Enhancing Robustness of Gradient-Boosted Decision Trees through One-Hot
Encoding and Regularization
- URL: http://arxiv.org/abs/2304.13761v3
- Date: Thu, 11 May 2023 15:47:17 GMT
- Title: Enhancing Robustness of Gradient-Boosted Decision Trees through One-Hot
Encoding and Regularization
- Authors: Shijie Cui, Agus Sudjianto, Aijun Zhang, Runze Li
- Abstract summary: We apply one-hot encoding to convert a GBDT model into a linear framework, through encoding of each tree leaf to one dummy variable.
This allows for the use of linear regression techniques, plus a novel risk decomposition for assessing the robustness of a GBDT model.

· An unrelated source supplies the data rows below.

(* Let $(n_k)_{k\ge0}$ be a strictly increasing sequence of positive integers such that $n_k$ divides $n_{k+1}$ for every $k\ge0$, and let $(a_k)_{k\ge0}$ be a sequence of positive real numbers decreasing to $0$ with $\sum_{k\ge0}a_k=+\infty$. Then there exists a continuous Borel probability measure $\sigma$ on $\mathbb{T}$ such that $|\hat\sigma(n_k)-1|\le a_k$ for every $k\ge0$.
   Context: $\hat\sigma(n)=\int_{\mathbb{T}}\lambda^n\,d\sigma(\lambda)$; continuous means atomless. *)

From Stdlib Require Import Reals.
Open Scope R_scope.

Inductive borel : (R -> Prop) -> Prop :=
| borel_Ico (a b : R) : borel (fun x => a <= x < b)
| borel_compl (A : R -> Prop) : borel A -> borel (fun x => ~ A x)
| borel_cunion (A : nat -> R -> Prop) :
    (forall n, borel (A n)) -> borel (fun x => exists n, A n x)
| borel_ext (A B : R -> Prop) : (forall x, A x <-> B x) -> borel A -> borel B.

(* The circle T is parametrized by t in [0,1) via lambda = exp(2 pi i t).
   A Borel probability measure on T is a countably additive, nonnegative
   set function on the Borel sets of R carried by [0,1) with total mass 1. *)
Definition borel_prob_measure_T (mu : (R -> Prop) -> R) : Prop :=
  (forall A, borel A -> 0 <= mu A) /\
  (forall A : nat -> R -> Prop,
      (forall n, borel (A n)) ->
      (forall m n x, m <> n -> A m x -> A n x -> False) ->
      infinite_sum (fun n => mu (A n)) (mu (fun x => exists n, A n x))) /\
  mu (fun _ => True) = 1 /\
  mu (fun x => 0 <= x < 1) = 1.

(* continuous = atomless *)
Definition atomless (mu : (R -> Prop) -> R) : Prop :=
  forall t : R, mu (fun x => x = t) = 0.

(* Riemann-Stieltjes sums  sum_{j<N} f(j/N) mu([j/N,(j+1)/N))  which converge
   to  \int_[0,1) f dmu  for f continuous and 1-periodic. *)
Definition RS_sum (mu : (R -> Prop) -> R) (f : R -> R) (N : nat) : R :=
  match N with
  | O => 0
  | S N' => sum_f_R0 (fun j => f (INR j / INR N) *
              mu (fun x => INR j / INR N <= x < (INR j + 1) / INR N)) N'
  end.

(* hat sigma(m) = re + i im, where
   re = \int cos(2 pi m t) dmu(t), im = \int sin(2 pi m t) dmu(t). *)
Definition fourier_coeff (mu : (R -> Prop) -> R) (m : nat) (re im : R) : Prop :=
  Un_cv (RS_sum mu (fun t => cos (2 * PI * INR m * t))) re /\
  Un_cv (RS_sum mu (fun t => sin (2 * PI * INR m * t))) im.

Definition cmod_minus1 (re im : R) : R := sqrt ((re - 1)^2 + im^2).

From Stdlib Require Import Reals Arith Lra Lia ZArith.
From HB Require structures.
From mathcomp Require all_boot all_order all_algebra all_classical all_reals all_analysis.
From mathcomp Require Rstruct Rstruct_topology.
Open Scope R_scope.

(* sigma is a Cantor-type measure adapted to (n_k).  At level m the unit interval is cut
   into the n_m cells [i/n_m, (i+1)/n_m), each carrying a point mass at its left end; passing
   to level m+1 every cell is cut into n_(m+1)/n_m >= 2 subcells, a fraction p_m of its mass
   moves to the second subcell and the rest stays on the first.  At level k all the mass sits
   where exp(2 pi i n_k t) = 1, and each later step moves a mass p_m by 1/n_(m+1), so
   (1 - Re) + |Im| of the n_k-th coefficient grows by at most 4 pi n_k p_m / n_(m+1); as
   n_(m+1) >= 2 n_m these increments sum to at most 8 pi sup_(m>=k) p_m, which is <= a_k for
   p_m = min(1/2, a_m/64).  Riemann-Stieltjes sums of an L-Lipschitz function at mesh 1/N are
   within L/N of their limit, and at mesh 1/n_m they are the level-m sums.  A level-m cell has
   mass at most prod_(j<m) (1 - p_j) <= 1/(1 + sum_(j<m) p_j), which tends to 0 because
   sum a_j diverges; hence the limiting distribution function is continuous and sigma, its
   Lebesgue-Stieltjes measure, is atomless. *)

Fixpoint fsum (N : nat) (g : nat -> R) : R :=
  match N with O => 0 | S N' => fsum N' g + g N' end.

Lemma fsum_ext N g h : (forall i, (i < N)%nat -> g i = h i) -> fsum N g = fsum N h.
Proof.
induction N as [|N IH]; intros H; simpl; [reflexivity|].
rewrite IH by (intros; apply H; lia). rewrite H by lia. reflexivity.
Qed.

Lemma fsum_split N M g : fsum (N + M) g = fsum N g + fsum M (fun j => g (N + j)%nat).
Proof.
induction M as [|M IH]; simpl.
- rewrite Nat.add_0_r; ring.
- rewrite Nat.add_succ_r; simpl; rewrite IH; ring.
Qed.

Lemma fsum_block N M g :
  fsum (N * M) g = fsum N (fun i => fsum M (fun l => g (i * M + l)%nat)).
Proof.
induction N as [|N IH]; simpl; [reflexivity|].
rewrite Nat.add_comm, fsum_split, IH. reflexivity.
Qed.

Lemma fsum_plus N g h : fsum N (fun i => g i + h i) = fsum N g + fsum N h.
Proof. induction N as [|N IH]; simpl; [ring| rewrite IH; ring]. Qed.

Lemma fsum_minus N g h : fsum N (fun i => g i - h i) = fsum N g - fsum N h.
Proof. induction N as [|N IH]; simpl; [ring| rewrite IH; ring]. Qed.

Lemma fsum_scal N c g : fsum N (fun i => c * g i) = c * fsum N g.
Proof. induction N as [|N IH]; simpl; [ring| rewrite IH; ring]. Qed.

Lemma fsum_zero N g : (forall i, (i < N)%nat -> g i = 0) -> fsum N g = 0.
Proof.
induction N as [|N IH]; intros H; simpl; [reflexivity|].
rewrite IH, H by (try intros; try apply H; lia). ring.
Qed.

Lemma fsum_le N g h : (forall i, (i < N)%nat -> g i <= h i) -> fsum N g <= fsum N h.
Proof.
induction N as [|N IH]; intros H; simpl; [lra|].
apply Rplus_le_compat; [apply IH; intros; apply H; lia| apply H; lia].
Qed.

Lemma fsum_nonneg N g : (forall i, (i < N)%nat -> 0 <= g i) -> 0 <= fsum N g.
Proof.
intros H. rewrite <- (fsum_zero N (fun _ => 0)) by reflexivity. apply fsum_le, H.
Qed.

Lemma fsum_abs N g : Rabs (fsum N g) <= fsum N (fun i => Rabs (g i)).
Proof.
induction N as [|N IH]; simpl.
- rewrite Rabs_R0; lra.
- eapply Rle_trans; [apply Rabs_triang|]. lra.
Qed.

Lemma fsum_telescope N g : fsum N (fun l => g (S l) - g l) = g N - g O.
Proof. induction N as [|N IH]; simpl; [ring| rewrite IH; ring]. Qed.

Lemma fsum_mono_len N M g : (N <= M)%nat -> (forall i, 0 <= g i) -> fsum N g <= fsum M g.
Proof.
intros H Hg. replace M with (N + (M - N))%nat by lia. rewrite fsum_split.
assert (0 <= fsum (M - N) (fun j => g (N + j)%nat)) by (apply fsum_nonneg; auto). lra.
Qed.

Lemma sum_f_R0_fsum g N : sum_f_R0 g N = fsum (S N) g.
Proof. induction N as [|N IH]; simpl in *; [ring| rewrite IH; reflexivity]. Qed.

Definition nfloor (x : R) : nat := Z.to_nat (Int_part x).

Lemma nfloor_spec x : 0 <= x -> INR (nfloor x) <= x < INR (nfloor x) + 1.
Proof.
intros Hx. destruct (base_Int_part x) as [H1 H2].
assert (Hz : (0 <= Int_part x)%Z).
{ assert (IZR 0 < IZR (Int_part x + 1)) by (rewrite plus_IZR; simpl; lra).
  apply lt_IZR in H. lia. }
unfold nfloor. rewrite INR_IZR_INZ, Z2Nat.id by exact Hz. lra.
Qed.

Lemma nfloor_small x : x < 1 -> nfloor x = 0%nat.
Proof.
intros Hx. destruct (base_Int_part x) as [H1 H2].
assert (IZR (Int_part x) < IZR 1) by lra. apply lt_IZR in H.
unfold nfloor. destruct (Int_part x); simpl; try reflexivity; lia.
Qed.

Lemma nfloor_ge k x : INR k <= x -> (k <= nfloor x)%nat.
Proof.
intros H. pose proof (pos_INR k). destruct (nfloor_spec x) as [_ H2]; [lra|].
assert (INR k < INR (S (nfloor x))) by (rewrite S_INR; lra).
apply INR_lt in H1. lia.
Qed.

Lemma nfloor_lt k x : 0 <= x -> x < INR k -> (nfloor x < k)%nat.
Proof. intros H0 H. destruct (nfloor_spec x) as [H1 _]; [lra|]. apply INR_lt. lra. Qed.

It is demonstrated through numerical experiments that the proposed regularization approach can enhance the robustness of the one-hot-encoded GBDT models.
- Score: 10.942447664917061
- License: http://arxiv.org/licenses/nonexclusive-distrib/1.0/
- Abstract: Gradient-boosted decision trees (GBDT) are widely used and highly effective
machine learning approach for tabular data modeling. However, their complex
structure may lead to low robustness against small covariate perturbation in
unseen data. In this study, we apply one-hot encoding to convert a GBDT model
into a linear framework, through encoding of each tree leaf to one dummy
variable. This allows for the use of linear regression techniques, plus a novel
risk decomposition for assessing the robustness of a GBDT model against
covariate perturbations. We propose to enhance the robustness of GBDT models by
refitting their linear regression forms with $L_1$ or $L_2$ regularization.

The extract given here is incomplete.